Return every line from the one with "(fun a p w => \sum_(w'" through the one with "(fun b p z => \sum_(z'", inclusive, exactly as it appears below.

Saved data entries:

<<<<

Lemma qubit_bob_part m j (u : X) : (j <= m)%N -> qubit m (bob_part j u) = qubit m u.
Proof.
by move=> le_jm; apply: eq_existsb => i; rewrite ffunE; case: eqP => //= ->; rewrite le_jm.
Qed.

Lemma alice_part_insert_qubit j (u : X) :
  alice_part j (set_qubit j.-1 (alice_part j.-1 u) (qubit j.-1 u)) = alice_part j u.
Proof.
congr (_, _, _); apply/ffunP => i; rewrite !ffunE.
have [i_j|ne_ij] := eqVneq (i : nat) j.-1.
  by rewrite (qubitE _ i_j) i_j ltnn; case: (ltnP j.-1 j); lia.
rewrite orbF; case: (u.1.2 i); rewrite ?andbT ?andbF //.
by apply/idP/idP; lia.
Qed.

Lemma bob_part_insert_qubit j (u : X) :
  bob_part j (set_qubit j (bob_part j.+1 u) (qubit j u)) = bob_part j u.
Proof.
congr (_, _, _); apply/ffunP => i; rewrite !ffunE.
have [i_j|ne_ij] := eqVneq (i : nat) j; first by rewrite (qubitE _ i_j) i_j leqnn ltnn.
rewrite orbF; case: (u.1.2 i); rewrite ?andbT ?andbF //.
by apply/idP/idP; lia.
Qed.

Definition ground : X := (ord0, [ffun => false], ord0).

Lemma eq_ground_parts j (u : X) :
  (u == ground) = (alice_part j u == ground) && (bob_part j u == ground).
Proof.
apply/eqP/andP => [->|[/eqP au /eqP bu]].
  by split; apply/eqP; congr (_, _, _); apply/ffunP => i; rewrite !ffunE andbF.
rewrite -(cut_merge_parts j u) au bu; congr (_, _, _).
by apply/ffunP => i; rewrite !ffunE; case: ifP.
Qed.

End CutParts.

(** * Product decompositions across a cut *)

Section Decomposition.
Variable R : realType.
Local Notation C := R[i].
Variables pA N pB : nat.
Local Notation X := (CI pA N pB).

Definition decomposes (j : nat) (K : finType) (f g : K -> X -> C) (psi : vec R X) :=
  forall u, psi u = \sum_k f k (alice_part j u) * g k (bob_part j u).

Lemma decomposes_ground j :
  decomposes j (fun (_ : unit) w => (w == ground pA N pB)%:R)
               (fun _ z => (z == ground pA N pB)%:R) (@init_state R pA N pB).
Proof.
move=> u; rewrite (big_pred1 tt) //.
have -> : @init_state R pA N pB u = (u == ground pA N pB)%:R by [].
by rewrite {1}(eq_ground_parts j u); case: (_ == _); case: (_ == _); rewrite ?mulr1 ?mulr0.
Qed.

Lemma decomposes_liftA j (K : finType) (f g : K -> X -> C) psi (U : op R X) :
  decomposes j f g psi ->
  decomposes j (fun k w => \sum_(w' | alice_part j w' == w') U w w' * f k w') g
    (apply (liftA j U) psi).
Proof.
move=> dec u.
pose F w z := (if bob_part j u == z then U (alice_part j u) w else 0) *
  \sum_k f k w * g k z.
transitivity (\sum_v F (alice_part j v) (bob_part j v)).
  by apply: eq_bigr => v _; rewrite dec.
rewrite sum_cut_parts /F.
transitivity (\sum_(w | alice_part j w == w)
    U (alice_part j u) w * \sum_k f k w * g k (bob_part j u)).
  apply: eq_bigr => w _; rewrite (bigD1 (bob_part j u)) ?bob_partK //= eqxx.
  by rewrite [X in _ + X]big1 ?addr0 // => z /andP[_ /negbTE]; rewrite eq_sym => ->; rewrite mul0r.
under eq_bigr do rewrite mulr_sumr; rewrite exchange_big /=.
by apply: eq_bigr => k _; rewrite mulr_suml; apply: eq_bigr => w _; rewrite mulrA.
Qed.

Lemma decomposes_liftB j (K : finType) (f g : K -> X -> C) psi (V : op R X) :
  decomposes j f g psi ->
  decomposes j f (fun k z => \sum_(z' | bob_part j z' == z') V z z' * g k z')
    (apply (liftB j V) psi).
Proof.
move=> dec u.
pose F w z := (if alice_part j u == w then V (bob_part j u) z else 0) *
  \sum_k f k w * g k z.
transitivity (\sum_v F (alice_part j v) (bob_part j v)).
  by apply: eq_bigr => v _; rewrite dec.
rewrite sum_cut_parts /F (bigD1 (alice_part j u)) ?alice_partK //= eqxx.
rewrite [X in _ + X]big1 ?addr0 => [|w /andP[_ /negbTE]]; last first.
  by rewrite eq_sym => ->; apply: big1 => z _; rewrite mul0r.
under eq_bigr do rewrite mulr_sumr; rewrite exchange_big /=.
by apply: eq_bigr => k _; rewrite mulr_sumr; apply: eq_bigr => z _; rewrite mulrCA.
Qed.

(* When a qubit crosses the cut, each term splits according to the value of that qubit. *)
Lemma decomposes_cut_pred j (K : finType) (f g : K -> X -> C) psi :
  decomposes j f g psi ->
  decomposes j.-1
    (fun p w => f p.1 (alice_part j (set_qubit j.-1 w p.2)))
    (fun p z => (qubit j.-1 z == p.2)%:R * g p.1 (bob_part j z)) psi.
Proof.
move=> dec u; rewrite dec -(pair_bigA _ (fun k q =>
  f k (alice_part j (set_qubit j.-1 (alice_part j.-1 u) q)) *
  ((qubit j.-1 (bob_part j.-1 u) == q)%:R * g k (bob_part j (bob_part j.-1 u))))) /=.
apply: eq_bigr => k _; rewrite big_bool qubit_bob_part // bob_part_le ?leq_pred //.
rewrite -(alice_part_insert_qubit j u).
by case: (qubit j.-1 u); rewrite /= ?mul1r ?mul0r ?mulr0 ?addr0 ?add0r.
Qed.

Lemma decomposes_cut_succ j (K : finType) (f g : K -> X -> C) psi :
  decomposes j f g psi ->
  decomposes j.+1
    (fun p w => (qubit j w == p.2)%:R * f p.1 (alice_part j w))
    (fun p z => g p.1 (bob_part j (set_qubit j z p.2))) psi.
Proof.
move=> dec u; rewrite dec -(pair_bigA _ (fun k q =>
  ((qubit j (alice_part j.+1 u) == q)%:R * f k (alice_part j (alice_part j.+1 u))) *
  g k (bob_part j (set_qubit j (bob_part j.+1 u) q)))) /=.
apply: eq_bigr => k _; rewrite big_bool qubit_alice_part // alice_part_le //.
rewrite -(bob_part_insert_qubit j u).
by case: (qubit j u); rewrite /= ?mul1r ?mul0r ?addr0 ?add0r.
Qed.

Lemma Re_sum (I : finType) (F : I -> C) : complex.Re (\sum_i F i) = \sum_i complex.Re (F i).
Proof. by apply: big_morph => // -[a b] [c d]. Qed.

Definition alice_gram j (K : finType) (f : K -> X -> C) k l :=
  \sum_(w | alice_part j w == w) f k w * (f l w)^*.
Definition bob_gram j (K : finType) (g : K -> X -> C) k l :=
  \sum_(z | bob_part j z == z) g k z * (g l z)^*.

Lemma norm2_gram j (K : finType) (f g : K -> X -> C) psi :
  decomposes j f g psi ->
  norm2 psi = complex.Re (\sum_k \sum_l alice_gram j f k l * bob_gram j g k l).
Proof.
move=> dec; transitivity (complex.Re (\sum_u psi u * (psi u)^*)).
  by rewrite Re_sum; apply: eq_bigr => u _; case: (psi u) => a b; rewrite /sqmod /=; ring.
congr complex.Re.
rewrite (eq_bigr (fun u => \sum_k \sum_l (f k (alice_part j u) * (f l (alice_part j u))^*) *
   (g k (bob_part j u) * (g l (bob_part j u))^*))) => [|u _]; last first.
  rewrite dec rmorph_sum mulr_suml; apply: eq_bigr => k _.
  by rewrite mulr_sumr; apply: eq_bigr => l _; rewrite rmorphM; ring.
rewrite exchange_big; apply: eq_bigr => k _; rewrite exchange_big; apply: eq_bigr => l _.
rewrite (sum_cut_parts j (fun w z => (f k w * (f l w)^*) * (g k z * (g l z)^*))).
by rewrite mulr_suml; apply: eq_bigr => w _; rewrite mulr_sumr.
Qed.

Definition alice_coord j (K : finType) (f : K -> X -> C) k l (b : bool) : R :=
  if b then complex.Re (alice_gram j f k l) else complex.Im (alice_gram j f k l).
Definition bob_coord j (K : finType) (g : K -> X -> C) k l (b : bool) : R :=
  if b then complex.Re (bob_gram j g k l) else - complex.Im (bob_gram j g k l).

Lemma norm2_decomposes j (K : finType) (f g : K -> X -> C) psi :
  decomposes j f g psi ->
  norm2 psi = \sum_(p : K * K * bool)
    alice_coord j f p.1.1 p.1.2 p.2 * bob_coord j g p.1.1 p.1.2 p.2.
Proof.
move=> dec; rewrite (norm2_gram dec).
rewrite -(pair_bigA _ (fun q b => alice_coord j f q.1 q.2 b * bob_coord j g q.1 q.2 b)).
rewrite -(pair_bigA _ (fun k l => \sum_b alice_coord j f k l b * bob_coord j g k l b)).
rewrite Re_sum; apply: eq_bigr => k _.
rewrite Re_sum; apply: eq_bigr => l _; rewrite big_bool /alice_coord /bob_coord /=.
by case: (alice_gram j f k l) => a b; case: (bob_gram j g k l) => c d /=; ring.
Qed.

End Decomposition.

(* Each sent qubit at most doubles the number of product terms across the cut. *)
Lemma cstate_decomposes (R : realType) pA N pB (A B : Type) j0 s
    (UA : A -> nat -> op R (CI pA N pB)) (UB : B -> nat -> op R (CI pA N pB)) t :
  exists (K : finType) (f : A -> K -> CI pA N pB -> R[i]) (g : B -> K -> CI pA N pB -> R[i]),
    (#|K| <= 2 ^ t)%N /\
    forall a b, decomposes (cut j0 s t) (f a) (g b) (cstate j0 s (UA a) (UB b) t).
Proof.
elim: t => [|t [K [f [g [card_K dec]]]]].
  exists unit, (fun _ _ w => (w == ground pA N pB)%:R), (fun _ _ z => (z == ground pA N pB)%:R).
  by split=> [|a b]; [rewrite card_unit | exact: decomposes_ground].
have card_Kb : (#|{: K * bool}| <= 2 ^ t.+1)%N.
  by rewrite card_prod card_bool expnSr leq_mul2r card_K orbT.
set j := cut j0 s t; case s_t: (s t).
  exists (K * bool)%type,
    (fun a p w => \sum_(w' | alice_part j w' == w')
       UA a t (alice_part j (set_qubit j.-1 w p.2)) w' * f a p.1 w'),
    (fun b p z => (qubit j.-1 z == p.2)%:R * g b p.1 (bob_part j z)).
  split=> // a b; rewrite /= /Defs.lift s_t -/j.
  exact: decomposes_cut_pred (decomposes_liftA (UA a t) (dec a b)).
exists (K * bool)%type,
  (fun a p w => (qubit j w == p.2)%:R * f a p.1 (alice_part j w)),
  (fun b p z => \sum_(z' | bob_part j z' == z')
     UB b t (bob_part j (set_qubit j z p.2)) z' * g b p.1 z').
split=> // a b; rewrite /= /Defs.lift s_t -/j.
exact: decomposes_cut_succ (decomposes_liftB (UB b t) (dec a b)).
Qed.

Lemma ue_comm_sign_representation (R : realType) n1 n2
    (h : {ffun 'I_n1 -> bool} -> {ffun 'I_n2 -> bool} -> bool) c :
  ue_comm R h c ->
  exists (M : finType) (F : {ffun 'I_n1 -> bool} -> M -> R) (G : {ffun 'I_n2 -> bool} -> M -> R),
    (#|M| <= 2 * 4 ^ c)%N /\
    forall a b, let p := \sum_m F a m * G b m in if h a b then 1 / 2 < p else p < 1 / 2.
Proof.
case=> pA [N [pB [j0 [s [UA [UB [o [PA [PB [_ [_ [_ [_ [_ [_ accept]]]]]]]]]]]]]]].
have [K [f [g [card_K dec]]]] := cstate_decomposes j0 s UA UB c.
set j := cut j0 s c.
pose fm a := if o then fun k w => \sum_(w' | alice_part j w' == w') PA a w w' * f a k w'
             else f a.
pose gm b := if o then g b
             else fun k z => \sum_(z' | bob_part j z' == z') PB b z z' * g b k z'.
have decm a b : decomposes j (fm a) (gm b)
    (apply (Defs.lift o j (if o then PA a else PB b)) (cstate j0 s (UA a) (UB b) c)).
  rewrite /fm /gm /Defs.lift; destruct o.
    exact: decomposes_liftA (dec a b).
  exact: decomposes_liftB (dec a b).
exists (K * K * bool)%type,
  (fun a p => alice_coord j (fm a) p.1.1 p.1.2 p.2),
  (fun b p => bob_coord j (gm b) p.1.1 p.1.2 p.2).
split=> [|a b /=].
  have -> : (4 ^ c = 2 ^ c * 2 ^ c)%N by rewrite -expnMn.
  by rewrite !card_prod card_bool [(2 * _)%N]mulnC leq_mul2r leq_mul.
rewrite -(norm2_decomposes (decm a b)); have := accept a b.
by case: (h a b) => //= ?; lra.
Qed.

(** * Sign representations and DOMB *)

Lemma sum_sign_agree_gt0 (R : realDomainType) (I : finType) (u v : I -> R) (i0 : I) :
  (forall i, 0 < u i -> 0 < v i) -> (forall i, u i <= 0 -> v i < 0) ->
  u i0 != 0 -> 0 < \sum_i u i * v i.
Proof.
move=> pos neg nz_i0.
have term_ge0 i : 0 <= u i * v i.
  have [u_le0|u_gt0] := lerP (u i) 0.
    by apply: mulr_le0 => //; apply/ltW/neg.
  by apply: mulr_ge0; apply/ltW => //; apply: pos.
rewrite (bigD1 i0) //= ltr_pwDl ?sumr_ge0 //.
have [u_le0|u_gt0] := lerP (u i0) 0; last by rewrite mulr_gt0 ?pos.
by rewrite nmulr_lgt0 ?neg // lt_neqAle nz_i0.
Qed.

>>>>

# [OUTPUT OF THE TASK]
    (fun a p w => \sum_(w' | alice_part j w' == w')
       UA a t (alice_part j (set_qubit j.-1 w p.2)) w' * f a p.1 w'),
    (fun b p z => (qubit j.-1 z == p.2)%:R * g b p.1 (bob_part j z)).
  split=> // a b; rewrite /= /Defs.lift s_t -/j.
  exact: decomposes_cut_pred (decomposes_liftA (UA a t) (dec a b)).
exists (K * bool)%type,
  (fun a p w => (qubit j w == p.2)%:R * f a p.1 (alice_part j w)),
  (fun b p z => \sum_(z' | bob_part j z' == z')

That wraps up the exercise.